Frequentemente associamos a fé, a Igreja, ao domínio do racional: “acreditas em Deus?” situa-se no mesmo patamar em que acreditamos ou não na justiça em Portugal. Também acreditamos nas verdades da fé, no Credo, em tudo o que a Santa Madre Igreja recomenda. O ato de crer aparece empobrecido e mutilado. No mercado global contemporâneo das mil vozes, que lugar haverá ainda para falar da fé (o que quer que entendamos desta expressão)?

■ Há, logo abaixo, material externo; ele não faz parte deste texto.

(* Let $\Sigma$ be a non-empty finite or countably infinite alphabet and let $\mu_p$ be the probability map induced by a Bernoulli distribution $p$ on $\Sigma$. If $\alpha\in\Sigma^\omega$ is $\mu_p$-distributed, then $\alpha$ is $\mu_p$-block-distributed.
   Context: $\mu_p(a_1\cdots a_n)=\prod_{i=1}^n p(a_i)$ where $p:\Sigma\to[0,1]$, $\sum_a p(a)=1$. $\alpha$ is $\mu_p$-distributed if for every $w\in\Sigma^+$, $\lim_{N\to\infty}\#_w(\alpha|_{\le N})/N=\mu_p(w)$, where $\#_w(v)$ counts occurrences of $w$ as a contiguous block of $v$ and $\alpha|_{\le N}$ is the length-$N$ prefix. For $\alpha=x_1x_2\cdots$ and $n\ge1$, the $n$-block decomposition is $(\alpha_{(n,r)})_{r\ge1}$ with $\alpha_{(n,r)}=x_{(r-1)n+1}\cdots x_{rn}$. $\alpha$ is $\mu_p$-block-distributed if for every $n\ge1$ and every $w\in\Sigma^n$, $\lim_{k\to\infty}|\{r\le k:\alpha_{(n,r)}=w\}|/k=\mu_p(w)$. *)

From mathcomp Require Import all_boot all_order all_algebra.
From mathcomp Require Import all_classical all_reals all_analysis.
Set Implicit Arguments. Unset Strict Implicit. Unset Printing Implicit Defensive.
Import Order.TTheory GRing.Theory Num.Theory.
Import numFieldNormedType.Exports.
Local Open Scope classical_set_scope.
Local Open Scope ring_scope.

(* Infinite words alpha = x_1 x_2 ... are represented by alpha : nat -> Sigma,
   with alpha i = x_{i+1}. *)

Definition mu_p {R : realType} {Sigma : Type} (p : Sigma -> R) (w : seq Sigma) : R :=
  \prod_(a <- w) p a.

Definition factor {Sigma : Type} (alpha : nat -> Sigma) (i m : nat) : seq Sigma :=
  mkseq (fun j => alpha (i + j)) m.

Mas agora, incitar ao desejo, isso é outra música. “Incitar” para evocar um ato de transgressão, uma atitude deliberada e intencional de provocar um efeito. Quanto à palavra “desejo”, quanto haveria a dizer dela. A Igreja lá foi tendo alguma desconfiança sobre os “desejos da carne”. Desejar escapa à ordem do racional, do controlo. É uma erupção da vontade, indómita, o coração do crente na procura desabrida do objeto do seu amor. Não vamos lá pelo sermão. Não aquecemos porque não estamos quentes. Nos relatos dos evangelhos relativos à ressurreição de Jesus, amo particularmente a figura de Maria Madalena. Ela chora, corre, prostra-se aos pés do Cristo. Fala dele, mas não a acreditam. Os apóstolos estão no domínio do racional, ela vive e ama apaixonadamente. Maria madalena foi uma verdadeira incitadora do desejo. Quem dera descesse assim um fogo.